Your task:
Pull every line that includes the word "apply" from the data.

Data extracts:
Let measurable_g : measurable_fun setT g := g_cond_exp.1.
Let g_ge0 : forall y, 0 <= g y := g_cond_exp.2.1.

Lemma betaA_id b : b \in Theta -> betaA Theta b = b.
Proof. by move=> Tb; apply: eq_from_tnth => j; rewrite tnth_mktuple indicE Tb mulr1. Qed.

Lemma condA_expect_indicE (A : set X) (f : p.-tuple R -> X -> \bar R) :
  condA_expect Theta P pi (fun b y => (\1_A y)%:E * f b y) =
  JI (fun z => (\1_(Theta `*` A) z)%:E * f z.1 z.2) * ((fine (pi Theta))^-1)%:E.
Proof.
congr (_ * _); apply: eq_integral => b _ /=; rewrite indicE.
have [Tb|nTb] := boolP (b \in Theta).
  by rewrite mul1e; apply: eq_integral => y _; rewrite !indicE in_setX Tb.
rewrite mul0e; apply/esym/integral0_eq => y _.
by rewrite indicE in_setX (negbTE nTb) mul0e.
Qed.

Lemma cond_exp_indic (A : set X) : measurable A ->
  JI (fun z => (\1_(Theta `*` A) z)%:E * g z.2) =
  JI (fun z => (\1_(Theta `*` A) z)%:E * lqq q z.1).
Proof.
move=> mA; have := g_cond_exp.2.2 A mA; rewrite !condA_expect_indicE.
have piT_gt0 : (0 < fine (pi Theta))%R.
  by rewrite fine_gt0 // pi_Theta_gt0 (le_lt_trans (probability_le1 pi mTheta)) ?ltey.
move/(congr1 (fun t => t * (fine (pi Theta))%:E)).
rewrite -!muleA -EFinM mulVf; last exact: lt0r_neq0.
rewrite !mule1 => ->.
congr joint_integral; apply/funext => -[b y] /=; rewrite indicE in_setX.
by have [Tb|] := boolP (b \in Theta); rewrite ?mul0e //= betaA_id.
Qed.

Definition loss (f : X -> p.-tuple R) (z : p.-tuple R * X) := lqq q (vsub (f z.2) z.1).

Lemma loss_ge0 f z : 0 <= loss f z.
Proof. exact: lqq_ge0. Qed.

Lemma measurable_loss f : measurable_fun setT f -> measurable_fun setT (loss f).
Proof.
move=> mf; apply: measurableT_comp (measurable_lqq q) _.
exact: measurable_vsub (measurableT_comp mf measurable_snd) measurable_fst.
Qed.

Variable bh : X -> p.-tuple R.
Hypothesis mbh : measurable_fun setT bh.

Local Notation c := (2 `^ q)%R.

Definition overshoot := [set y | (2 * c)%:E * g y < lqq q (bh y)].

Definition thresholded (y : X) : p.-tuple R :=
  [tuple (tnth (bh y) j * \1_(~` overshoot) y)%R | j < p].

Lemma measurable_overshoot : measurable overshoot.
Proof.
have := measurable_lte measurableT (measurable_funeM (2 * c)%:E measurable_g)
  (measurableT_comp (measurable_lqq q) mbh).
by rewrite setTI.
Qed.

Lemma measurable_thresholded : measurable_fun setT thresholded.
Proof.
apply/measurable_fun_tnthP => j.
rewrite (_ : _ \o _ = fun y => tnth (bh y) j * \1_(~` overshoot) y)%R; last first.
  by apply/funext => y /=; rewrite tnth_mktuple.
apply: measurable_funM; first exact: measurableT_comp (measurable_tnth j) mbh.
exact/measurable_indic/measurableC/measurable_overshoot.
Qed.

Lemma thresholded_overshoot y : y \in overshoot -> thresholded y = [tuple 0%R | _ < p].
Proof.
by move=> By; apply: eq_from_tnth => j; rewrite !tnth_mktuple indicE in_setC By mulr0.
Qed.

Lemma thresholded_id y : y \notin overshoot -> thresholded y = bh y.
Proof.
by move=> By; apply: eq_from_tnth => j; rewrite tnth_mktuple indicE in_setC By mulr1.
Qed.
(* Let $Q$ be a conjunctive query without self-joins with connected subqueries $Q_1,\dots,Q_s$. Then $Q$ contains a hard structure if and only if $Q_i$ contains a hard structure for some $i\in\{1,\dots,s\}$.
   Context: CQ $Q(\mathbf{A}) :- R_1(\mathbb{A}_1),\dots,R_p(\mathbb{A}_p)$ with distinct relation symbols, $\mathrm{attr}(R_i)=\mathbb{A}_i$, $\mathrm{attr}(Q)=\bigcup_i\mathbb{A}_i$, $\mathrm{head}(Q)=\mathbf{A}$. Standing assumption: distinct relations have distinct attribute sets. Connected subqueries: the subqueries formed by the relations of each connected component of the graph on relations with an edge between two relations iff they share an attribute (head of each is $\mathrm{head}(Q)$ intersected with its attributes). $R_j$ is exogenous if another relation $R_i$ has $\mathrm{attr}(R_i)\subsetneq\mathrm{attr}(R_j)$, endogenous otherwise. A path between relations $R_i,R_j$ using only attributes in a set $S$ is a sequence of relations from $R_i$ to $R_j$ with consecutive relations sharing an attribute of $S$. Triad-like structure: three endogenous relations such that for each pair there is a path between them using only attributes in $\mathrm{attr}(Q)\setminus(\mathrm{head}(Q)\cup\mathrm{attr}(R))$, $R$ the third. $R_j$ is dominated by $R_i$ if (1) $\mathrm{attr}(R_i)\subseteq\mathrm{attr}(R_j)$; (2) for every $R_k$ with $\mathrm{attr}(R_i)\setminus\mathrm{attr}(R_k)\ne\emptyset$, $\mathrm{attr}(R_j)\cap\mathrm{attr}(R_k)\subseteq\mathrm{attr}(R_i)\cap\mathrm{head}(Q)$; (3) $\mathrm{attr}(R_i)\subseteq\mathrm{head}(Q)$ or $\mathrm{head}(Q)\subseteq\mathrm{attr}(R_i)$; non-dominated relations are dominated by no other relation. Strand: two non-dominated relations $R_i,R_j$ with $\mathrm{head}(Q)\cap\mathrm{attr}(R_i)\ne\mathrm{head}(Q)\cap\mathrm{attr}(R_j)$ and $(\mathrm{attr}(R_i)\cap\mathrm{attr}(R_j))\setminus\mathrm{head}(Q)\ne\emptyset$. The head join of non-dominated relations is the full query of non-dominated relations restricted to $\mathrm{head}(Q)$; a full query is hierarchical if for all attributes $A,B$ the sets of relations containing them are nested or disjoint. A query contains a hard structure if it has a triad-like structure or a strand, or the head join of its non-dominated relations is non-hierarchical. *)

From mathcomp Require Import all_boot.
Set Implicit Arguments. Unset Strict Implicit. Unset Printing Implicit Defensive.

Task result:
Proof. by move=> Tb; apply: eq_from_tnth => j; rewrite tnth_mktuple indicE Tb mulr1. Qed.
congr (_ * _); apply: eq_integral => b _ /=; rewrite indicE.
  by rewrite mul1e; apply: eq_integral => y _; rewrite !indicE in_setX Tb.
rewrite mul0e; apply/esym/integral0_eq => y _.
congr joint_integral; apply/funext => -[b y] /=; rewrite indicE in_setX.
move=> mf; apply: measurableT_comp (measurable_lqq q) _.
apply/measurable_fun_tnthP => j.
  by apply/funext => y /=; rewrite tnth_mktuple.
apply: measurable_funM; first exact: measurableT_comp (measurable_tnth j) mbh.
by move=> By; apply: eq_from_tnth => j; rewrite !tnth_mktuple indicE in_setC By mulr0.
by move=> By; apply: eq_from_tnth => j; rewrite tnth_mktuple indicE in_setC By mulr1.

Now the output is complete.